I whānau au ki Kaiapoi
by Te Maire Tau
Find your copy...
Natanahira Waruwarutu was a child at the time of the capture of Kaiapoi Pa by Te Rauparaha's Ngati Toa warriors in 1832. The early years of his life, recounted here in the original Maori text and an accompanying translation, saw great change in the Maori communities of Waitaha (Canterbury) and Akaora. Otako leaders set aside Moeraki, further south, for Kaiapoi refugees and Waruwarutu moved between the two places until he died in 1895. Before his death, he passed on to scribe Thomas Green, himself a Ngāi Tahu elder, a substantial body of material that now defines modern understanding of the traditional history of Ngai Tahu.

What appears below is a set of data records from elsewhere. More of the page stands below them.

(* For every $M\in\mathcal{A}$ and every $k\ge\dim_{\mathbb{Q}}H_B(M)$ one has $P^k(M)=P^{k+1}(M)=\cdots=P^\infty(M)$.
   Context: Let $K\subseteq\mathbb{C}$ be a subfield and $\mathcal{A}$ a $\mathbb{Q}$-linear abelian category. A fiber functor over a field $F\supseteq\mathbb{Q}$ is a $\mathbb{Q}$-linear, exact, faithful covariant functor from $\mathcal{A}$ to finite-dimensional $F$-vector spaces. $H_B$ is a fiber functor over $\mathbb{Q}$ and $H_{dR}$ a fiber functor over $K$; $V^\vee$ is the $K$-dual, and $\alpha^\vee$ denotes the dual of $H_{dR}(\alpha)$. $H_B(M)\otimes_{\mathbb{Q}}H_{dR}(M)^\vee$ is a $K$-vector space via the second factor. For a short exact sequence $0\to N'\xrightarrow{\iota}M^m\xrightarrow{\pi}N\to0$, elements of $H_B(N')$ are regarded via $H_B(\iota)$ as elements $(\sigma_i)$ of $H_B(M)^m$, and elements of $H_{dR}(N)^\vee$ via $\pi^\vee$ as elements $(\omega_i)$ of $(H_{dR}(M)^\vee)^m$. For $k\ge1$, $P^k(M)$ is the quotient of $H_B(M)\otimes_{\mathbb{Q}}H_{dR}(M)^\vee$ by the $K$-span of all $\sum_{i=1}^m\sigma_i\otimes\omega_i$ with $m\le k$, $0\to N'\to M^m\to N\to0$ exact, $(\sigma_i)\in H_B(N')$, $(\omega_i)\in H_{dR}(N)^\vee$; the $P^k(M)$ are successive quotients and $P^\infty(M)$ is the quotient by the union of all these subspaces. *)

From HB Require Import structures.
From mathcomp Require Import all_boot all_order all_algebra.
From mathcomp Require Import reals.
From mathcomp Require Import complex.
Set Implicit Arguments. Unset Strict Implicit. Unset Printing Implicit Defensive.
Import Order.TTheory GRing.Theory Num.Theory.
Local Open Scope ring_scope.

Record QLinCat := {
  Obj : Type;
  Mor : Obj -> Obj -> lmodType rat;
  idc : forall A, Mor A A;
  comp : forall A B C, Mor B C -> Mor A B -> Mor A C;
  compA : forall A B C D (h : Mor C D) (g : Mor B C) (f : Mor A B),
      comp h (comp g f) = comp (comp h g) f;
  comp1l : forall A B (f : Mor A B), comp (idc B) f = f;
  comp1r : forall A B (f : Mor A B), comp f (idc A) = f;
  compDl : forall A B C (a : rat) (g1 g2 : Mor B C) (f : Mor A B),
      comp (a *: g1 + g2) f = a *: comp g1 f + comp g2 f;
  compDr : forall A B C (a : rat) (g : Mor B C) (f1 f2 : Mor A B),
      comp g (a *: f1 + f2) = a *: comp g f1 + comp g f2
}.

Arguments idc {q} A.
Arguments Mor : clear implicits.
Arguments comp {q A B C}.

Section Abelian.
Variable C : QLinCat.
Local Notation Ob := (Obj C).
Local Notation "g \oc f" := (comp g f) (at level 40, left associativity).

Definition is_kernel (K A B : Ob) (f : Mor C A B) (k : Mor C K A) : Prop :=
  f \oc k = 0 /\
  forall Z (g : Mor C Z A), f \oc g = 0 -> exists! h : Mor C Z K, k \oc h = g.

Definition is_cokernel (A B Q : Ob) (f : Mor C A B) (c : Mor C B Q) : Prop :=
  c \oc f = 0 /\
  forall Z (g : Mor C B Z), g \oc f = 0 -> exists! h : Mor C Q Z, h \oc c = g.

Definition is_mono (A B : Ob) (f : Mor C A B) : Prop :=
  forall Z (g : Mor C Z A), f \oc g = 0 -> g = 0.

Definition is_epi (A B : Ob) (f : Mor C A B) : Prop :=
  forall Z (g : Mor C B Z), g \oc f = 0 -> g = 0.

Definition is_zero_obj (Z : Ob) : Prop :=
  (forall A (f : Mor C Z A), f = 0) /\ (forall A (f : Mor C A Z), f = 0).

Definition is_power (M : Ob) (m : nat) (X : Ob)
    (e : 'I_m -> Mor C M X) (p : 'I_m -> Mor C X M) : Prop :=
  (forall i j, p i \oc e j = if i == j then idc M else 0) /\
  \sum_(i < m) (e i \oc p i) = idc X.

Definition is_biproduct (A B X : Ob) (i1 : Mor C A X) (p1 : Mor C X A)
    (i2 : Mor C B X) (p2 : Mor C X B) : Prop :=
  [/\ p1 \oc i1 = idc A, p2 \oc i2 = idc B, p1 \oc i2 = 0, p2 \oc i1 = 0
    & i1 \oc p1 + i2 \oc p2 = idc X].

Definition abelian : Prop :=
  [/\ (exists Z, is_zero_obj Z),
      (forall A B, exists X i1 p1 i2 p2, @is_biproduct A B X i1 p1 i2 p2),
      (forall A B (f : Mor C A B),
         (exists K (k : Mor C K A), is_kernel f k) /\
         (exists Q (c : Mor C B Q), is_cokernel f c)),
      (forall A B (f : Mor C A B), is_mono f ->
        exists Q (g : Mor C B Q), is_kernel g f)
    & (forall A B (f : Mor C A B), is_epi f ->
        exists K (g : Mor C K A), is_cokernel g f)].

Definition ses (N' X N : Ob) (i : Mor C N' X) (p : Mor C X N) : Prop :=
  is_kernel p i /\ is_cokernel i p.

(* Fiber functors, in coordinates: H(A) = 'rV[F]_(d A), and a morphism *)
(* f : A -> B acts on row vectors by v |-> v *m H f.                   *)
Record fiber_functor (F : fieldType) (d : Ob -> nat)
    (H : forall A B, Mor C A B -> 'M[F]_(d A, d B)) : Prop := {
  ff_id : forall A, H _ _ (idc A) = 1%:M;
  ff_comp : forall A B D (g : Mor C B D) (f : Mor C A B),
      H _ _ (g \oc f) = H _ _ f *m H _ _ g;
  ff_linear : forall A B (a : rat) (f g : Mor C A B),
      H _ _ (a *: f + g) = ratr a *: H _ _ f + H _ _ g;
  ff_exact : forall N' X N (i : Mor C N' X) (p : Mor C X N), ses i p ->
      [/\ row_free (H _ _ i), row_full (H _ _ p) & (H _ _ i == kermx (H _ _ p))%MS];
  ff_faithful : forall A B (f : Mor C A B), H _ _ f = 0 -> f = 0
}.

End Abelian.

(* H_B(M) (x)_Q H_dR(M)^vee, in coordinates: 'M[K]_(dB M, dR M), with  *)
(* sigma (x) omega |-> sigma^T omega^T. Elements of H_dR(M)^vee are    *)
(* column vectors, paired with rows by v *m omega; the dual of H_dR f  *)
(* is omega |-> H_dR f *m omega.                                       *)
Definition tens (K : fieldType) (b d : nat) (s : 'rV[rat]_b) (w : 'cV[K]_d)
  : 'M[K]_(b, d) := (map_mx ratr s)^T *m w^T.

Definition inSpan (K : fieldType) (V : lmodType K) (G : V -> Prop) (x : V) : Prop :=
  exists n (c : 'I_n -> K) (g : 'I_n -> V),
    (forall i, G (g i)) /\ x = \sum_(i < n) c i *: g i.

(* The generators sum_i sigma_i (x) omega_i coming from short exact
   sequences 0 -> N' -> M^m -> N -> 0, with m satisfying bound m. *)
Definition gens (C : QLinCat) (K : fieldType)
    (dB : Obj C -> nat) (HB : forall A B, Mor C A B -> 'M[rat]_(dB A, dB B))
    (dR : Obj C -> nat) (HdR : forall A B, Mor C A B -> 'M[K]_(dR A, dR B))
    (bound : nat -> Prop) (M : Obj C) (x : 'M[K]_(dB M, dR M)) : Prop :=
  exists (m : nat) (X N' N : Obj C) (e : 'I_m -> Mor C M X) (p : 'I_m -> Mor C X M)
         (i : Mor C N' X) (q : Mor C X N),
    [/\ bound m, is_power e p, ses i q &
      (exists (sigma : 'rV[rat]_(dB N')) (omega : 'cV[K]_(dR N)),
        x = \sum_(j < m) tens (sigma *m HB _ _ (comp (p j) i))
                              (HdR _ _ (comp q (e j)) *m omega))].

(* the subspace killed in P^k(M) *)
Definition Rel (C : QLinCat) (K : fieldType) dB HB dR HdR (k : nat) (M : Obj C)
  : 'M[K]_(dB M, dR M) -> Prop :=
  inSpan (@gens C K dB HB dR HdR (fun m => (m <= k)%N) M).

(* the subspace killed in P^oo(M) : union of the above = span of all gens *)
Definition RelInf (C : QLinCat) (K : fieldType) dB HB dR HdR (M : Obj C)
  : 'M[K]_(dB M, dR M) -> Prop :=
  inSpan (@gens C K dB HB dR HdR (fun _ => True) M).

Arguments gens {C K dB} HB {dR} HdR bound M x.
Arguments Rel {C K dB} HB {dR} HdR k M _.
Arguments RelInf {C K dB} HB {dR} HdR M _.

From Pilot Require Import Defs.
From HB Require Import structures.
From mathcomp Require Import all_boot all_order all_algebra.
From mathcomp Require Import reals.
From mathcomp Require Import complex.
Set Implicit Arguments. Unset Strict Implicit. Unset Printing Implicit Defensive.
Import Order.TTheory GRing.Theory Num.Theory.
Local Open Scope ring_scope.

(* Stabilization of the filtration P^k(M): for k >= dim H_B(M) every relation
   sum_i sigma_i (x) omega_i coming from a short exact sequence
   0 -> N' -> M^m -> N -> 0 already comes from one with at most dim H_B(M)
   factors, so the relation spaces of P^k, P^(k+1), ..., P^oo coincide.

   The proof removes one factor at a time.  If m > dim H_B(M), the Betti
   components sigma_l in H_B(M) are linearly dependent, say
   sigma_r = sum_j d_j sigma_(lift r j).  The morphism
   g = p_r - sum_j d_j p_(lift r j) : M^m -> M is split, and its kernel Y is a
   power M^(m-1).  Replacing N' by the kernel N2 of Y -> M^m -> N and N by the
   image of that composite yields a new short exact sequence with m-1 factors
   producing the same tensor. *)

Local Notation "g \oc f" := (Defs.comp g f) (at level 40, left associativity).

Section QLinearCategory.
Variable C : QLinCat.

(* Composition is Q-linear in each variable; we record it as linear maps so
   that the generic linearity lemmas of the library apply. *)
Section Bilinearity.
Variables A B D : Obj C.

Definition postcomp (g : Mor C B D) (f : Mor C A B) : Mor C A D := g \oc f.
Definition precomp (f : Mor C A B) (g : Mor C B D) : Mor C A D := g \oc f.

Fact postcomp_is_linear g : linear (postcomp g).
Proof. by move=> a f1 f2; rewrite /postcomp compDr. Qed.
HB.instance Definition _ g :=
  GRing.isLinear.Build rat _ _ _ (postcomp g) (postcomp_is_linear g).

Fact precomp_is_linear f : linear (precomp f).
Proof. by move=> a g1 g2; rewrite /precomp compDl. Qed.
HB.instance Definition _ f :=
  GRing.isLinear.Build rat _ _ _ (precomp f) (precomp_is_linear f).

Lemma comp0l (f : Mor C A B) : (0 : Mor C B D) \oc f = 0.
Proof. exact: (linear0 (precomp f)). Qed.
Lemma comp_subl (g1 g2 : Mor C B D) (f : Mor C A B) :
  (g1 - g2) \oc f = g1 \oc f - g2 \oc f.
Proof. exact: (linearB (precomp f)). Qed.
Lemma comp_scalel a (g : Mor C B D) (f : Mor C A B) : (a *: g) \oc f = a *: (g \oc f).
Proof. exact: (linearZZ (precomp f)). Qed.
Lemma comp_suml n (g : 'I_n -> Mor C B D) (f : Mor C A B) :
  (\sum_(j < n) g j) \oc f = \sum_(j < n) g j \oc f.
Proof. exact: (linear_sum (precomp f)). Qed.

Lemma comp0r (g : Mor C B D) : g \oc (0 : Mor C A B) = 0.
Proof. exact: (linear0 (postcomp g)). Qed.
Lemma comp_subr (g : Mor C B D) (f1 f2 : Mor C A B) :
  g \oc (f1 - f2) = g \oc f1 - g \oc f2.
Proof. exact: (linearB (postcomp g)). Qed.
Lemma comp_addr (g : Mor C B D) (f1 f2 : Mor C A B) :
  g \oc (f1 + f2) = g \oc f1 + g \oc f2.
Proof. exact: (linearD (postcomp g)). Qed.
Lemma comp_scaler a (g : Mor C B D) (f : Mor C A B) : g \oc (a *: f) = a *: (g \oc f).
Proof. exact: (linearZZ (postcomp g)). Qed.
Lemma comp_sumr n (g : Mor C B D) (f : 'I_n -> Mor C A B) :
  g \oc (\sum_(j < n) f j) = \sum_(j < n) g \oc f j.
Proof. exact: (linear_sum (postcomp g)). Qed.

End Bilinearity.

Implicit Types (A B D Y Z : Obj C).

Lemma kernel_mono A B K (f : Mor C A B) (k : Mor C K A) : is_kernel f k -> is_mono k.
Proof.
move=> [fk0 univ] Z g kg0.
have fkg0 : f \oc (k \oc g) = 0 by rewrite kg0 comp0r.
have [h [_ uniq_h]] := univ Z _ fkg0.
by rewrite -(uniq_h g erefl) (uniq_h 0) ?comp0r.
Qed.

Lemma cokernel_epi A B Q (f : Mor C A B) (c : Mor C B Q) : is_cokernel f c -> is_epi c.
Proof.
move=> [cf0 univ] Z g gc0.
have gcf0 : (g \oc c) \oc f = 0 by rewrite gc0 comp0l.
have [h [_ uniq_h]] := univ Z _ gcf0.
by rewrite -(uniq_h g erefl) (uniq_h 0) ?comp0l.
Qed.

Lemma mono_cancel A B Z (k : Mor C A B) (g1 g2 : Mor C Z A) :
  is_mono k -> k \oc g1 = k \oc g2 -> g1 = g2.
Proof.
move=> mono_k E; apply/eqP; rewrite -subr_eq0; apply/eqP.
by apply: mono_k; rewrite comp_subr E subrr.
Qed.

Lemma epi_cancel A B Z (c : Mor C A B) (g1 g2 : Mor C B Z) :
  is_epi c -> g1 \oc c = g2 \oc c -> g1 = g2.
Proof.
move=> epi_c E; apply/eqP; rewrite -subr_eq0; apply/eqP.
by apply: epi_c; rewrite comp_subl E subrr.
Qed.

This manuscript was part of that material and, as Te Maire Tau describes in his introduction, has a history of its own. The story in this book is not a Ngai Tahu 'Grand narrative'. As Te Maire Tau says, Maori history simply does not work like that. Rather, it is one narrative by a survivor of the period 'that recollects the reality of what he saw as a child; on this basis, it is a superb example of an oral tradition.' The author has included a chapter on the historical context of Waruwarutu manuscript and annotations for both Maori and English texts. A further chapter presents in Maori with English translations a text recorded by scribe Charles Creed that supplements Waruwarutu's account of his induction into the Kaiapoi whare purakau (house of learning). It is one of the few manuscripts that provides a glimpse into a world that no longer exists.